これから私のせいでどれだけの人が命を散らすと思う。どれだけの人の心を引き裂くと思う。これまでも、これからも。戦火の拡大という大罪を犯している私が、無実なはずないじゃんか。

 

……それでも、私は止まらない、止まれない。あるべき結末のために、みんながみんなでいられる世界のために。今あるどれだけの命を踏みにじることになったとしても、私は私が知ってる未来を実現する。

 

……そうすれば…そうすれば、きっと…、

 

 

「……ん?…」

 

 

なんか艦内が騒がしくなってきた気がする。………っ!?

 

それに思い至った瞬間、私は被っていたシーツを蹴飛ばす勢いでベッドを飛び出して、壁に備え付けられたモニターのスイッチを入れた。

 

 

「……ヤヌアリウス……」

 

 

映像に映し出されなのは、プラント内の基礎微細工学や応用微細工学を専門とする居住地…()()()もの。砂時計のような形をしていたはずのそれは、もはや僅かな跡を残す残骸となって宇宙に散乱している。

 

…レクイエム、発射されたんだ。…あれ、でもおかしい。たしか原作だと隣のディセンベルもヤヌアリウスの衝突に巻き込まれる形で崩壊したはず。……なんで? 原作より少な………

 

 

「……は……?」

 

 

………まて、まてまてまて。

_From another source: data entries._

Lemma integral_cell_overlap_le x0 y0 : x0 \in U -> y0 \in V ->
  (\int[g]_(z in D) (cell x0 y0 z * overlap_at z)%:E <=
   (overlap (plan_x x0 y0) x0 (plan_y x0 y0) y0)%:E)%E.
Proof.
case: hu => _ sU _ _; case: hv => _ sV _ _ /sU[x00 _] /sV[y00 _].
have lc0 z : D z -> 0 <= z.2.1 * cell x0 y0 z.
  by move=> Dz; case/andP: (lambda_cell_ge0 x0 y0 z Dz).
have mc0 z : D z -> 0 <= z.2.2 * cell x0 y0 z.
  by move=> Dz; case/andP: (mu_cell_ge0 x0 y0 z Dz).
have mx k : measurable_fun D (fun z : B => x0 ord0 k * (z.2.1 * cell x0 y0 z)).
  exact: measurable_funM.
have my k : measurable_fun D (fun z : B => y0 ord0 k * (z.2.2 * cell x0 y0 z)).
  exact: measurable_funM.
have nx k z : D z -> 0 <= x0 ord0 k * (z.2.1 * cell x0 y0 z).
  by move=> Dz; rewrite mulr_ge0 ?lc0.
have ny k z : D z -> 0 <= y0 ord0 k * (z.2.2 * cell x0 y0 z).
  by move=> Dz; rewrite mulr_ge0 ?mc0.
have nmin k z : D z -> (0 <= (Num.min (x0 ord0 k * (z.2.1 * cell x0 y0 z))
                                       (y0 ord0 k * (z.2.2 * cell x0 y0 z)))%:E)%E.
  by move=> Dz; rewrite lee_fin le_min nx ?ny.
have mmin k : measurable_fun D (fun z : B => (Num.min (x0 ord0 k * (z.2.1 * cell x0 y0 z))
                                       (y0 ord0 k * (z.2.2 * cell x0 y0 z)))%:E).
  exact/measurable_EFinP/measurable_minr.
under eq_integral do rewrite cell_overlap_atE -sumEFin.
rewrite ge0_integral_sum // -sumEFin; apply: lee_sum => k _.
apply: le_trans (ge0_integral_min_le g D mD _ _ (mx k) (my k) (nx k) (ny k)) _.
have lcE z : D z -> (0 <= (z.2.1 * cell x0 y0 z)%:E)%E by move/lc0; rewrite lee_fin.
have mcE z : D z -> (0 <= (z.2.2 * cell x0 y0 z)%:E)%E by move/mc0; rewrite lee_fin.
have mlcE : measurable_fun D (fun z : B => (z.2.1 * cell x0 y0 z)%:E).
  by apply/measurable_EFinP; exact: measurable_lambda_cell.
have mmcE : measurable_fun D (fun z : B => (z.2.2 * cell x0 y0 z)%:E).
  by apply/measurable_EFinP; exact: measurable_mu_cell.
under eq_integral do rewrite EFinM.
rewrite (ge0_integralZl_EFin g mD lcE mlcE (x00 k)).
under [X in (mine _ X <= _)%E]eq_integral do rewrite EFinM.
rewrite (ge0_integralZl_EFin g mD mcE mmcE (y00 k)).
by rewrite -plan_xE -plan_yE -!EFinM EFin_min [x0 _ _ * _]mulrC [y0 _ _ * _]mulrC.
Qed.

今、私なに考えた?

 

思ったより少ない? ヤヌアリウスだけでもどれだけの人が暮らしていたと思ってるの? 百とか千なんて数じゃ到底及びもつかない人たちがいたはずなんだよ? 

 

それを……思ったより…少ない?

 

 

「…うゥ!?」

 

 

直後、喉元にこみ上げるものを感じた私は、口元を押さえながら部屋を飛び出しそのままトイレに駆け込む。

 

 

「うおえぇっ!!?」

 

 

便器を覗き込むようにした直後、直前まで堪えていたものをそのまま吐き出した。ここ最近はゼリー状のものしか口にしていないのが幸いし、固形のない吐瀉物を吐き出すのはそれらが含まれるものよりも僅かだが楽な気がした。

 

 

「…はぁ…はぁ…っ!?」

 

 

だが、吐き出した汚物の中に赤い液体…恐らくはストレス故の己の血液がそこに混じっているのを見ると、そんな些細な気持ちなど一瞬で消え失せる。

 

 

「…はぁ…はぁ…は、はぁ、は、ははは、ははははっ…」

 

 

…なんだ、私…もうとっくに壊れてるんだ…。心と体を罪と血で汚して、もう自分の願いも叶わなくて。

 

…私、何のために戦ってんだろ、何のために………。